Finding Duplicate Rows

Today I am going to describe the query which fetches duplicate rows.Its not a big task but when I started to think as a beginner I felt an urge to write about it.
This is the table structure I used for the query.Here "SD_Id"is unique where as other fields are repetitive.
CREATE TABLE [dbo].[SaleDispatch](
    [SD_Id] [bigint] IDENTITY(1,1) NOT NULL,
    [SO_Id] [bigint] NULL,
    [Date] [datetime] NULL,
    [TotAmt] [money] NULL,
   ) ON [PRIMARY]


I am going to find out the rows where  [SO_Id] is duplicate.
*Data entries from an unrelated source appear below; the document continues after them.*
(* Let $W$ be a one-dimensional two-sided Brownian motion on the canonical space $(\Omega,\mathcal F,P)$ with shift $(\theta_t\omega)(s)=W(t+s)-W(t)$, and consider the Stratonovich SDE on $\mathbb R^2$ $$dx=(x-y-x(x^2+y^2))\,dt+x\circ dW_t,\qquad dy=(x+y-y(x^2+y^2))\,dt+y\circ dW_t.$$ In polar coordinates $x=\rho\cos 2\pi\alpha$, $y=\rho\sin2\pi\alpha$ its solution is $\rho(t,\alpha_0,\rho_0,\omega)=\rho_0e^{t+W_t(\omega)}\big(1+2\rho_0^2\int_0^te^{2(s+W_s(\omega))}ds\big)^{-1/2}$, $\alpha(t)=\alpha_0+t/(2\pi)$, defining a random dynamical system $\tilde\Phi(t,\omega)$ on $\mathbb R^2$. Let $\rho^*(\omega)=\big(2\int_{-\infty}^0e^{2s+2W_s(\omega)}ds\big)^{-1/2}$ and, for fixed $\alpha\in[0,1)$, $\psi^\omega(t)=(\rho^*(\omega)\cos(2\pi\alpha+t),\ \rho^*(\omega)\sin(2\pi\alpha+t))$. Then: $\rho(t,\alpha_0,\rho^*(\omega),\omega)=\rho^*(\theta_t\omega)$ for all $t$; the circle $L^\omega=\{\rho=\rho^*(\omega)\}$ satisfies $\tilde\Phi(t,\omega)L^\omega=L^{\theta_t\omega}$; $\psi^\omega(t+2\pi)=\psi^\omega(t)$ and $\tilde\Phi(t,\omega)\psi^\omega(0)=\psi^{\theta_t\omega}(t)$ for all $t$, so $\psi$ is a random periodic solution of period $2\pi$ (with random periodic curve of winding number $1$ on the cylinder $[0,1]\times\mathbb R$ in the coordinates $(\alpha,\rho)$); and if $x(0)^2+y(0)^2\neq0$, then $x^2(t,\theta_{-t}\omega)+y^2(t,\theta_{-t}\omega)\to\rho^*(\omega)^2$ as $t\to\infty$.
   Context: A random periodic solution of a random dynamical system $\Phi$ over $(\Omega,\mathcal F,P,(\theta_t))$ with state space $\mathcal H$ is an $\mathcal F$-measurable $\psi:\Omega\times\mathbb R\to\mathcal H$, periodic in $t$ with period $T$, such that $\psi^\omega(t+T)=\psi^\omega(t)$ and $\Phi_t^\omega(\psi^\omega(t_0))=\psi^{\theta_t\omega}(t+t_0)$ for all $t,t_0$. Here $x(t,\omega),y(t,\omega)$ denote the solution components started from $(x(0),y(0))$, evaluated along the noise path $\omega$. *)

From Stdlib Require Import Reals Lra ClassicalEpsilon.
Open Scope R_scope.

(* A noise path omega of the canonical two-sided Brownian space, identified with
   W = omega : R -> R.  [bm_path W] collects the pathwise properties holding on a
   theta-invariant set of full Wiener measure: continuity, W(0)=0, and the strong
   law of large numbers W(s)/s -> 0 as |s| -> infinity. *)
Definition bm_path (W : R -> R) : Prop :=
  (forall s, continuity_pt W s) /\ W 0 = 0 /\
  (forall eps, eps > 0 -> exists M, forall s, Rabs s >= M -> Rabs (W s) <= eps * Rabs s).

Definition shift (t : R) (W : R -> R) : R -> R := fun s => W (t + s) - W t.

(* Riemann integral \int_a^b f (value of RiemannInt; arbitrary if not integrable). *)
Definition RInt (f : R -> R) (a b : R) : R :=
  epsilon (inhabits 0)
    (fun v => exists pr : Riemann_integrable f a b, RiemannInt pr = v).

Definition RInt_minf0 (f : R -> R) : R :=
  epsilon (inhabits 0)
    (fun l => forall eps, eps > 0 -> exists M, forall T, T >= M ->
        Rabs (RInt f (- T) 0 - l) < eps).

Definition rho_star (W : R -> R) : R :=
  / sqrt (2 * RInt_minf0 (fun s => exp (2 * s + 2 * W s))).

Definition rho_sol (t alpha0 rho0 : R) (W : R -> R) : R :=
  rho0 * exp (t + W t)
  / sqrt (1 + 2 * rho0 ^ 2 * RInt (fun s => exp (2 * (s + W s))) 0 t).

Definition alpha_sol (t alpha0 : R) : R := alpha0 + t / (2 * PI).

(* The RDS tilde Phi(t, omega) on R^2: the point with polar coordinates
   (alpha0, rho0) is sent to the point with polar coordinates
   (alpha_sol t alpha0, rho_sol t alpha0 rho0 W). *)
Definition Phi (t : R) (W : R -> R) (p : R * R) : R * R :=
  let (x, y) := p in
  let g := exp (t + W t)
           / sqrt (1 + 2 * (x ^ 2 + y ^ 2) * RInt (fun s => exp (2 * (s + W s))) 0 t) in
  (g * (x * cos t - y * sin t), g * (x * sin t + y * cos t)).

Definition Lcirc (W : R -> R) (p : R * R) : Prop :=
  sqrt (fst p ^ 2 + snd p ^ 2) = rho_star W.

Definition psi (alpha : R) (W : R -> R) (t : R) : R * R :=
  (rho_star W * cos (2 * PI * alpha + t), rho_star W * sin (2 * PI * alpha + t)).

(* Along the noise, the radial equation is of Bernoulli type: rho^{-2} solves a linear
   equation, rho(t)^{-2} = e^{-2(t + W t)} (rho0^{-2} + 2 \int_0^t e^{2(s + W s)} ds).
   Put I(omega) = \int_{-oo}^0 e^{2(s + W s)} ds, which is finite and positive because
   W(s)/s -> 0.  Changing variables in the integral gives
   I(theta_t omega) = e^{-2(t + W t)} (I(omega) + \int_0^t e^{2(s + W s)} ds),
   which is exactly how the flow transports rho^{-2}; hence the circle rho^{-2} = 2 I(omega),
   i.e. rho = rho^*(omega), is carried onto the circle of theta_t omega, and since the angle
   simply rotates by t, psi is an equivariant periodic curve.  Started in the past at time -t,
   the solution satisfies rho^{-2} = e^{2(-t + W(-t))} rho0^{-2} + 2 \int_{-t}^0 e^{2(s + W s)} ds,
   which tends to 2 I(omega). *)

From Pilot Require Import Defs.
From Stdlib Require Import Reals Lra ClassicalEpsilon Classical FunctionalExtensionality.
From Coquelicot Require Import Coquelicot.
Open Scope R_scope.

Lemma ex_RInt_continuous_all (g : R -> R) (a b : R) :
  (forall s, continuous g s) -> ex_RInt g a b.
Proof. intros Hg. apply (@ex_RInt_continuous R_CompleteNormedModule). intros z _. apply Hg. Qed.

Lemma Defs_RInt_eq_RInt (g : R -> R) (a b : R) :
  (forall s, continuous g s) -> Defs.RInt g a b = RInt g a b.
Proof.
  intros Hg.
  pose proof (ex_RInt_Reals_0 _ _ _ (ex_RInt_continuous_all g a b Hg)) as pr.
  unfold Defs.RInt.
  destruct (epsilon_spec (inhabits 0)
     (fun v => exists pr : Riemann_integrable g a b, RiemannInt pr = v)) as [pr' <-].
  - exists (RiemannInt pr), pr. reflexivity.
  - symmetry. apply RInt_Reals.
Qed.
We will use  COUNT() .
So as a beginner one can come up with this query -:
SELECT  [SO_Id], COUNT(*) AS dupeCount
FROM [dbo].[SaleDispatch]


And encountered by this error -:
Msg 8120, Level 16, State 1, Line 1
Column 'dbo.SaleDispatch.SO_Id' is invalid in the select list because it is not contained in either an aggregate function or the GROUP BY clause.


This error occurs bcoz we are using COUNT() which is an aggregate function where as select list contains SO_Id which has no any aggregate function.So in this situation we have to use GROUP BY clause.Now the query will be -:
SELECT  [SO_Id], COUNT(*) AS dupeCount
 FROM [dbo].[SaleDispatch]
 GROUP BY [SO_Id]


This query returns all rows and we want duplicate only then we have to put condition.
SELECT  [SO_Id], COUNT(*) AS dupeCount
 FROM [dbo].[SaleDispatch]
 GROUP BY [SO_Id] 
 HAVING COUNT(*) > 1


Now we want other columns also then we have to use join.And now the final query arrives as this one -:
SELECT SD.[SD_Id],SD.[SO_Id],SD.[Date],SD.[TotAmt]
FROM [dbo].[SaleDispatch]  as SD  
inner join

    SELECT  [SO_Id], COUNT(*) AS cnt
    FROM [dbo].[SaleDispatch]
    GROUP BY [SO_Id] 
    HAVING COUNT(*) > 1
) as SDC
on SD.SO_Id=SDC.SO_Id
order by SD.SO_Id